Hi i was wondering if anyone could show or point me towards any sites to make a tank divider for a 56 litre tank, i have some ideas how to make it but not quite sure how to do all of it if you can help it would be great!

- Jonno


----------



## fish_doc

There are several ways to divide a tank. How big are the fish that you are trying to keep seperated and do you want this as a temp or perminant divider?


----------



## maxpayne_lhp

Is there water circulation between the 2 sections?


----------



## Jonno

well its for bettas, and i was either thinking off getting some plastic to divide them or put some netting in but i dnt knw what materials to use to keep it in place!


----------



## euRasian32

a thin piece of acrylic would work. drill holes in a grid-like pattern for circulation.


----------



## fishfreaks

I found these, they look fairly easy http://www.oscarfish.com/cms_view_article.php?aid=468&sid=d4088c140efdf18aa457915509dbdef8, http://www.petfish.net/tank_dividers.htm


----------



## euRasian32

Nice! I've learnt sumthin new today!

I like the plastic holey sheet approach (we used that stuff in Home Econ. to make tissue boxes and dice), along with those binders.

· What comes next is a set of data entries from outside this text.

(* Suppose that all state functions and controls are continuously differentiable on $I$. As long as $\epsilon(t)\neq 0$, $n^j(t)\neq 0$ and $V^j(t)\neq 0$ for all $j\in\{1,\dots,S\}$ and all $t\in I$, system (A) is equivalent to the ''basic system'' obtained from (A) by replacing the component mole balances (CM$_0$) by the original component mole balances (OCM) (for all $i=1,\dots,C$) and replacing the total mole balances (TM) by the vapor summation equations (YS). That is, a tuple of state functions satisfying these non-vanishing conditions on $I$ solves (A) if and only if it solves the basic system.
   Context: Fix integers $S\ge 2$ (stages) and $C\ge 2$ (components) and an interval $I\subset\mathbb R$. Given are continuously differentiable real functions $f_{\mathrm{vle},i}(P,T,\mathbf x)$ ($i=1,\dots,C$), $f_{\mathrm{hl}}(T,\mathbf x)$, $f_{\mathrm{hv}}(T,\mathbf y)$, $f_{\mathrm{holdup}}(L)$, with $P,T,L\in\mathbb R$, $\mathbf x,\mathbf y\in\mathbb R^C$. Controls are continuously differentiable real functions $\epsilon,P,Q,T^{\mathrm{cond}}$ on $I$. State variables are real functions on $I$: $n^j,H^j,T^j,V^j$ and vectors $\mathbf x^j=(x^j_1,\dots,x^j_C)$, $\mathbf y^j=(y^j_1,\dots,y^j_C)$ for $j=1,\dots,S$, and $L^j$ for $j=1,\dots,S-1$. A solution of a system is a tuple of continuously differentiable state functions satisfying all its equations at every $t\in I$; dots are time derivatives. Two systems are equivalent as long as a condition holds if their sets of solutions satisfying that condition on $I$ coincide. Below, ''$2\le j\le S-1$'' marks the middle-stage equations. (TM): $\dot n^1=L^1-V^1$; $\dot n^j=L^j-V^j-L^{j-1}+V^{j-1}$ ($2\le j\le S-1$); $\dot n^S=-\epsilon V^S-L^{S-1}+V^{S-1}$. (CM$_0$), for $i=1,\dots,C$: $\dot x_i^1=\big(L^1(x_i^2-x_i^1)-V^1(y_i^1-x_i^1)\big)/n^1$; $\dot x_i^j=\big(L^j(x_i^{j+1}-x_i^j)-V^j(y_i^j-x_i^j)+V^{j-1}(y_i^{j-1}-x_i^j)\big)/n^j$ ($2\le j\le S-1$); $\dot x_i^S=\big(-\epsilon V^S(y_i^S-x_i^S)+V^{S-1}(y_i^{S-1}-x_i^S)\big)/n^S$. (EB): $\dot H^1=L^1f_{\mathrm{hl}}(T^2,\mathbf x^2)-V^1f_{\mathrm{hv}}(T^1,\mathbf y^1)+Q$; $\dot H^j=L^jf_{\mathrm{hl}}(T^{j+1},\mathbf x^{j+1})-V^jf_{\mathrm{hv}}(T^j,\mathbf y^j)-L^{j-1}f_{\mathrm{hl}}(T^j,\mathbf x^j)+V^{j-1}f_{\mathrm{hv}}(T^{j-1},\mathbf y^{j-1})$ ($2\le j\le S-1$); $\dot H^S=(1-\epsilon)V^Sf_{\mathrm{hl}}(T^{\mathrm{cond}},\mathbf y^S)-V^Sf_{\mathrm{hv}}(T^S,\mathbf y^S)-L^{S-1}f_{\mathrm{hl}}(T^S,\mathbf x^S)+V^{S-1}f_{\mathrm{hv}}(T^{S-1},\mathbf y^{S-1})$. (XS): $\sum_{i=1}^C x_i^j=1$, $j=1,\dots,S$. (YD): $y_i^j=f_{\mathrm{vle},i}(P,T^j,\mathbf x^j)$ for all $i,j$. (ED): $H^j=n^jf_{\mathrm{hl}}(T^j,\mathbf x^j)$, $j=1,\dots,S$. (HO): $n^j=f_{\mathrm{holdup}}(L^{j-1})$, $j=2,\dots,S$. System (A) consists of (TM), (CM$_0$), (EB), (XS), (YD), (ED), (HO). (YS): $\sum_{i=1}^C y_i^j=1$, $j=1,\dots,S$. (OCM), for $i=1,\dots,C$: $\frac{d}{dt}(n^1x_i^1)=L^1x_i^2-V^1y_i^1$; $\frac{d}{dt}(n^jx_i^j)=L^jx_i^{j+1}-V^jy_i^j-L^{j-1}x_i^j+V^{j-1}y_i^{j-1}$ ($2\le j\le S-1$); $\frac{d}{dt}(n^Sx_i^S)=-\epsilon V^Sy_i^S-L^{S-1}x_i^S+V^{S-1}y_i^{S-1}$. *)

From HB Require Import structures.
From mathcomp Require Import all_boot all_order all_algebra.
From mathcomp Require Import reals.
Set Implicit Arguments. Unset Strict Implicit. Unset Printing Implicit Defensive.
Import Order.TTheory GRing.Theory Num.Theory.
Local Open Scope ring_scope.

Section Calculus.
Variable R : realType.

Definition is_interval (I : R -> Prop) : Prop :=
  forall a b c, I a -> I c -> a <= b -> b <= c -> I b.

(* I contains at least two points (so derivatives on I are unique). *)
Definition nondeg_interval (I : R -> Prop) : Prop :=
  exists a b, [/\ I a, I b & a < b].

Definition has_deriv_on (I : R -> Prop) (f f' : R -> R) : Prop :=
  forall t, I t -> forall e : R, 0 < e -> exists2 d : R, 0 < d &
    forall s, I s -> s != t -> `|s - t| < d ->
      `|(f s - f t) / (s - t) - f' t| < e.

Definition cont_on (I : R -> Prop) (g : R -> R) : Prop :=
  forall t, I t -> forall e : R, 0 < e -> exists2 d : R, 0 < d &
    forall s, I s -> `|s - t| < d -> `|g s - g t| < e.

Definition C1_on (I : R -> Prop) (f : R -> R) : Prop :=
  exists f', has_deriv_on I f f' /\ cont_on I f'.

Definition upd m (z : 'I_m -> R) (k : 'I_m) (h : R) : 'I_m -> R :=
  fun i => if i == k then z i + h else z i.

Definition contRm m (g : ('I_m -> R) -> R) : Prop :=
  forall z (e : R), 0 < e -> exists2 d : R, 0 < d &
    forall w, (forall i, `|w i - z i| < d) -> `|g w - g z| < e.

Definition C1Rm m (g : ('I_m -> R) -> R) : Prop :=
  exists dg : 'I_m -> ('I_m -> R) -> R,
    (forall k z (e : R), 0 < e -> exists2 d : R, 0 < d &
       forall h : R, h != 0 -> `|h| < d ->
         `|(g (upd z k h) - g z) / h - dg k z| < e)
    /\ (forall k, contRm (dg k)).

(* packing (P, T, x) in R^(2+C) and (T, x) in R^(1+C) *)
Definition pack2 C (f : R -> R -> ('I_C -> R) -> R) : ('I_(2 + C) -> R) -> R :=
  fun z => f (z (lshift C (@ord0 1))) (z (lshift C (@ord_max 1)))
             (fun k => z (rshift 2 k)).
Definition pack1 C (f : R -> ('I_C -> R) -> R) : ('I_(1 + C) -> R) -> R :=
  fun z => f (z (lshift C (@ord0 0))) (fun k => z (rshift 1 k)).

End Calculus.

(* Stages are indexed by nat j with 1 <= j <= S (values
   at other indices are irrelevant); components by i : 'I_C.
   State:  n H T V : nat -> R -> R,  x y : nat -> 'I_C -> R -> R,
           L : nat -> R -> R (used for 1 <= j <= S-1).
   Controls: eps P Q Tc : R -> R. *)
Section Column.
Variable R : realType.
Variables (S C : nat) (I : R -> Prop).
Variable fvle : 'I_C -> R -> R -> ('I_C -> R) -> R.
Variables (fhl fhv : R -> ('I_C -> R) -> R) (fholdup : R -> R).
Variables (eps P Q Tc : R -> R).
Variables (n H T V L : nat -> R -> R) (x y : nat -> 'I_C -> R -> R).

Definition xv j t : 'I_C -> R := fun i => x j i t.
Definition yv j t : 'I_C -> R := fun i => y j i t.

Definition TM : Prop :=
  [/\ has_deriv_on I (n 1%N) (fun t => L 1%N t - V 1%N t),
      (forall j, (2 <= j <= S.-1)%N ->
        has_deriv_on I (n j)
          (fun t => L j t - V j t - L j.-1 t + V j.-1 t))
    & has_deriv_on I (n S)
          (fun t => - eps t * V S t - L S.-1 t + V S.-1 t)].

Definition CM0 : Prop := forall i : 'I_C,
  [/\ has_deriv_on I (x 1%N i)
        (fun t => (L 1%N t * (x 2%N i t - x 1%N i t)
                   - V 1%N t * (y 1%N i t - x 1%N i t)) / n 1%N t),
      (forall j, (2 <= j <= S.-1)%N ->
        has_deriv_on I (x j i)
          (fun t => (L j t * (x j.+1 i t - x j i t)
                     - V j t * (y j i t - x j i t)
                     + V j.-1 t * (y j.-1 i t - x j i t)) / n j t))
    & has_deriv_on I (x S i)
        (fun t => (- eps t * V S t * (y S i t - x S i t)
                   + V S.-1 t * (y S.-1 i t - x S i t)) / n S t)].

Definition EB : Prop :=
  [/\ has_deriv_on I (H 1%N)
        (fun t => L 1%N t * fhl (T 2%N t) (xv 2 t)
                  - V 1%N t * fhv (T 1%N t) (yv 1 t) + Q t),
      (forall j, (2 <= j <= S.-1)%N ->
        has_deriv_on I (H j)
          (fun t => L j t * fhl (T j.+1 t) (xv j.+1 t)
                    - V j t * fhv (T j t) (yv j t)
                    - L j.-1 t * fhl (T j t) (xv j t)
                    + V j.-1 t * fhv (T j.-1 t) (yv j.-1 t)))
    & has_deriv_on I (H S)
        (fun t => (1 - eps t) * V S t * fhl (Tc t) (yv S t)
                  - V S t * fhv (T S t) (yv S t)
                  - L S.-1 t * fhl (T S t) (xv S t)
                  + V S.-1 t * fhv (T S.-1 t) (yv S.-1 t))].

Definition XS : Prop :=
  forall j, (1 <= j <= S)%N -> forall t, I t -> \sum_(i < C) x j i t = 1.

Definition YD : Prop :=
  forall j, (1 <= j <= S)%N -> forall (i : 'I_C) t, I t ->
    y j i t = fvle i (P t) (T j t) (xv j t).

Definition ED : Prop :=
  forall j, (1 <= j <= S)%N -> forall t, I t ->
    H j t = n j t * fhl (T j t) (xv j t).

Definition HO : Prop :=
  forall j, (2 <= j <= S)%N -> forall t, I t ->
    n j t = fholdup (L j.-1 t).

Definition YS : Prop :=
  forall j, (1 <= j <= S)%N -> forall t, I t -> \sum_(i < C) y j i t = 1.

Definition OCM : Prop := forall i : 'I_C,
  [/\ has_deriv_on I (fun t => n 1%N t * x 1%N i t)
        (fun t => L 1%N t * x 2%N i t - V 1%N t * y 1%N i t),
      (forall j, (2 <= j <= S.-1)%N ->
        has_deriv_on I (fun t => n j t * x j i t)
          (fun t => L j t * x j.+1 i t - V j t * y j i t
                    - L j.-1 t * x j i t + V j.-1 t * y j.-1 i t))
    & has_deriv_on I (fun t => n S t * x S i t)
        (fun t => - eps t * V S t * y S i t - L S.-1 t * x S i t
                  + V S.-1 t * y S.-1 i t)].

Definition systemA : Prop := TM /\ CM0 /\ EB /\ XS /\ YD /\ ED /\ HO.

Definition basic_system : Prop := YS /\ OCM /\ EB /\ XS /\ YD /\ ED /\ HO.

Definition states_C1 : Prop :=
  [/\ forall j, (1 <= j <= S)%N ->
        [/\ C1_on I (n j), C1_on I (H j), C1_on I (T j), C1_on I (V j)
          & forall i, C1_on I (x j i) /\ C1_on I (y j i)]
    & forall j, (1 <= j <= S.-1)%N -> C1_on I (L j)].

Definition nonvanishing : Prop :=
  forall t, I t -> eps t != 0 /\
    forall j, (1 <= j <= S)%N -> n j t != 0 /\ V j t != 0.

End Column.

Nice find Freak! (can i call you freak?)


----------



## fishfreaks

haha yeah you can! but since there 2, you should make it plural..FREAKS :-D We were going to use them ourselves actually.


----------



## maxpayne_lhp

lol...
Well cool link, freakS ha ha yes, I also have just leanred something new.


----------



## wildtiger

Sorry to bring this thread up after so long. But I just wanted to say these dividers work really well for bettas and other small fish. I did a divided tank several years ago. Here's what it looked like:


----------



## Jonno

Yep i made mine ages ago might be needing to make some more soon seeing the bettas have half a 56litre to there selfs but they are great links!


----------



## Alisha

those tank dividers look efficient, as well as attractive, wildtiger! Did you make them or buy them?


----------



## TLM4x4

I needed a divider in one of my tanks to separate acouple of fish for a time...I bought a piece of plexiglass and my husband drilled several bigger holes in it for circulation and they were big enough too my tetras, skirts and even the cat fish were able to swim through them to the other side of the tank lol It worked very well, I still have it "just in case", and was inexpensive to make


----------